You can use the exported procedure or call a HANA PAL algorithm directly (Time series forecasting smoothing as an example).


Consume the Predictive Models in SAP Analytics Cloud


You can connect and consume the models (calculation view) generated by either Automated Analytics or Expert Analytics.



Log on to SAP Analytics Cloud-> Modeler->Models. Then Create new model.





Select live data source



Select the live data connection to the remote HANA system and specify the CALC view.



You can create stories using the CALC view as DS.

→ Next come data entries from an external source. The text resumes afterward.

(* Alternating non-homogeneous semi-Markov process, S_0 = 1 (even n: Y-phase,
   odd n: Z-phase), with kernels G_Y(x,.) = Gamma(kY x, lY x) and
   G_Z(x,.) = Gamma(kZ x, lZ x): for every n, every history event H of
   (S_0,X_0),...,(S_n,X_n) and every tau >= 0,
   P(H ∩ {T_(n+1) <= tau}) = E[1_H G_(S_n)(X_n, tau)]. *)
Definition gamma_alt_semiMarkov (d : measure_display) (T : measurableType d)
  (R : realType) (P : probability T R) (X : nat -> T -> R)
  (kY lY kZ lZ : R -> R) : Prop :=
  (forall n, measurable_fun [set: T] (X n)) /\
  (forall w, X 0%N w = 0) /\
  (forall n w, X n w <= X n.+1 w) /\
  (forall n (H : set T) (tau : R), history X n H -> 0 <= tau ->
     P (H `&` [set w | X n.+1 w - X n w <= tau]) =
     (\int[P]_(w in H)
        (if odd n then gamma_cdf (kZ (X n w)) (lZ (X n w)) tau
         else gamma_cdf (kY (X n w)) (lY (X n w)) tau))%E).

Definition explosion_time (T : Type) (R : realType) (X : nat -> T -> R) (w : T)
  : \bar R := limn (fun n => (X n w)%:E).

From HB Require Import structures.
From mathcomp Require Import all_boot all_order all_algebra.
From mathcomp Require Import all_classical all_reals all_analysis.
From mathcomp.algebra_tactics Require Import ring lra.
Import Order.TTheory GRing.Theory Num.Theory.
Import numFieldNormedType.Exports.
Set Implicit Arguments. Unset Strict Implicit.
Local Open Scope classical_set_scope.
Local Open Scope ring_scope.

(* Since the rates are bounded by [c], for a suitable [a > 0] a Gamma(k, l) sojourn with
   k >= 1 is shorter than [tau = a / c] with probability at most [q = a e^(a+1) < 1]:
   on [0, tau] the density is at most [l^k tau^(k-1) / Gamma(k)], while
   [Gamma(k) >= a^(k-1) e^(-(a+1))]. The bound holds conditionally on the history, so m
   consecutive sojourns are all shorter than [tau] with probability at most [q^m], and the
   event that all sojourns from some index on are shorter than [tau] is null. A finite
   explosion time forces this event, because the increments of a convergent sequence
   eventually become small. *)

(* No measurability is needed: both sides are suprema of integrals of simple functions. *)
Lemma ge0_le_integral_subset d (T : measurableType d) (R : realType)
    (mu : {measure set T -> \bar R}) (D1 D2 : set T) (f g : T -> \bar R) :
  (forall x, D1 x -> (0 <= f x)%E) -> (forall x, D2 x -> (0 <= g x)%E) ->
  (forall x, D1 x -> D2 x /\ (f x <= g x)%E) ->
  (\int[mu]_(x in D1) f x <= \int[mu]_(x in D2) g x)%E.
Proof.
move=> f0 g0 fg; rewrite !ge0_integralE //.
apply: ereal_sup_le => _ [h hle <-]; exists h => //= x.
apply: (le_trans (hle x)); rewrite /patch.
case: ifPn => [/set_mem xD1|_].
  by have [xD2 le] := fg x xD1; rewrite ifT //; exact/mem_set.
by case: ifPn => // /set_mem /g0.
Qed.

Section gamma_distribution.
Variable R : realType.
Implicit Types k l t tau a : R.

Lemma Gammaf_ge0 k : 0 <= Gammaf k.
Proof.
by rewrite fine_ge0 // integral_ge0 // => t _; rewrite lee_fin mulr_ge0 ?powR_ge0 ?expR_ge0.
Qed.

Lemma gamma_pdf_ge0 k l t : 0 <= gamma_pdf k l t.
Proof. by rewrite divr_ge0 ?Gammaf_ge0 // !mulr_ge0 ?powR_ge0 ?expR_ge0. Qed.

Lemma gamma_cdf_ge0 k l tau : (0 <= gamma_cdf k l tau)%E.
Proof. by apply: integral_ge0 => t _; rewrite lee_fin gamma_pdf_ge0. Qed.

(* When the Gamma integral diverges, [fine] turns it into [Gammaf k = 0]. *)
Lemma Gammaf_eq0_or_ge k a : 1 <= k -> 0 < a ->
  Gammaf k = 0 \/ a `^ (k - 1) * expR (- (a + 1)) <= Gammaf k.
Proof.
move=> k1 a0; rewrite /Gammaf.
set I := (\int[_]_(t in _) _)%E.
have : ((a `^ (k - 1) * expR (- (a + 1)))%:E <= I)%E.
  have -> : ((a `^ (k - 1) * expR (- (a + 1)))%:E =
      \int[@lebesgue_measure R]_(t in `[a, (a + 1)%R])
        (a `^ (k - 1) * expR (- (a + 1)))%:E)%E.
    rewrite integral_cst //= lebesgue_measure_itv /= lte_fin ltrDl ltr01.
    by rewrite -EFinD addrAC subrr add0r mule1.
  apply: ge0_le_integral_subset => [t _|t _|t /=].
  - by rewrite lee_fin mulr_ge0 ?expR_ge0 ?powR_ge0.
  - by rewrite lee_fin mulr_ge0 ?powR_ge0 ?expR_ge0.
  rewrite !in_itv /= andbT => /andP[a_le_t t_le]; have t0 := le_trans (ltW a0) a_le_t.
  split=> //; rewrite lee_fin ler_pM ?powR_ge0 ?expR_ge0 //; last by rewrite ler_expR lerN2.
  by apply: ge0_ler_powR; rewrite ?nnegrE ?subr_ge0 ?(ltW a0).
by case: I => [r||] //= low; [right; rewrite -lee_fin | left].
Qed.

Lemma gamma_cdf_le_powR k l tau : 1 <= k -> 0 <= l -> 0 < tau ->
  (gamma_cdf k l tau <= ((l * tau) `^ k / Gammaf k)%:E)%E.
Proof.
move=> k1 l0 tau0; have k0 : 0 < k := lt_le_trans ltr01 k1.
set C := l `^ k * tau `^ (k - 1) / Gammaf k.
have -> : (l * tau) `^ k / Gammaf k = tau * C.
  by rewrite /C powRM ?(ltW tau0) // -(mulr_powRB1 (ltW tau0) k0); ring.
apply: (@le_trans _ _ (\int[@lebesgue_measure R]_(t in `[0%R, tau]) C%:E)%E).
  apply: ge0_le_integral_subset => [t _|t _|t tD].
  - by rewrite lee_fin gamma_pdf_ge0.
  - by rewrite lee_fin /C divr_ge0 ?Gammaf_ge0 ?mulr_ge0 ?powR_ge0.
  split => //; move: tD => /=; rewrite in_itv /= => /andP[t0 tt].
  rewrite lee_fin /gamma_pdf /C ler_wpM2r ?invr_ge0 ?Gammaf_ge0 //.
  rewrite -[leRHS]mulr1 ler_pM ?mulr_ge0 ?powR_ge0 ?expR_ge0 //.
    by rewrite ler_wpM2l ?powR_ge0 // ge0_ler_powR ?nnegrE ?subr_ge0 ?(ltW tau0).
  by rewrite expR_le1 oppr_le0 mulr_ge0.
rewrite integral_cst //= lebesgue_measure_itv /= lte_fin tau0.
by rewrite oppr0 adde0 -EFinM mulrC.
Qed.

  • At the end you can create a visualization or a story in SAP Analytics Cloud.


Select “CLAIM_ID” as dimension and “SCORE” as measure.



Sort the “SCORE” from highest to lowest.



 

This is how you can create a nice visualization on top of your on premise predictive models.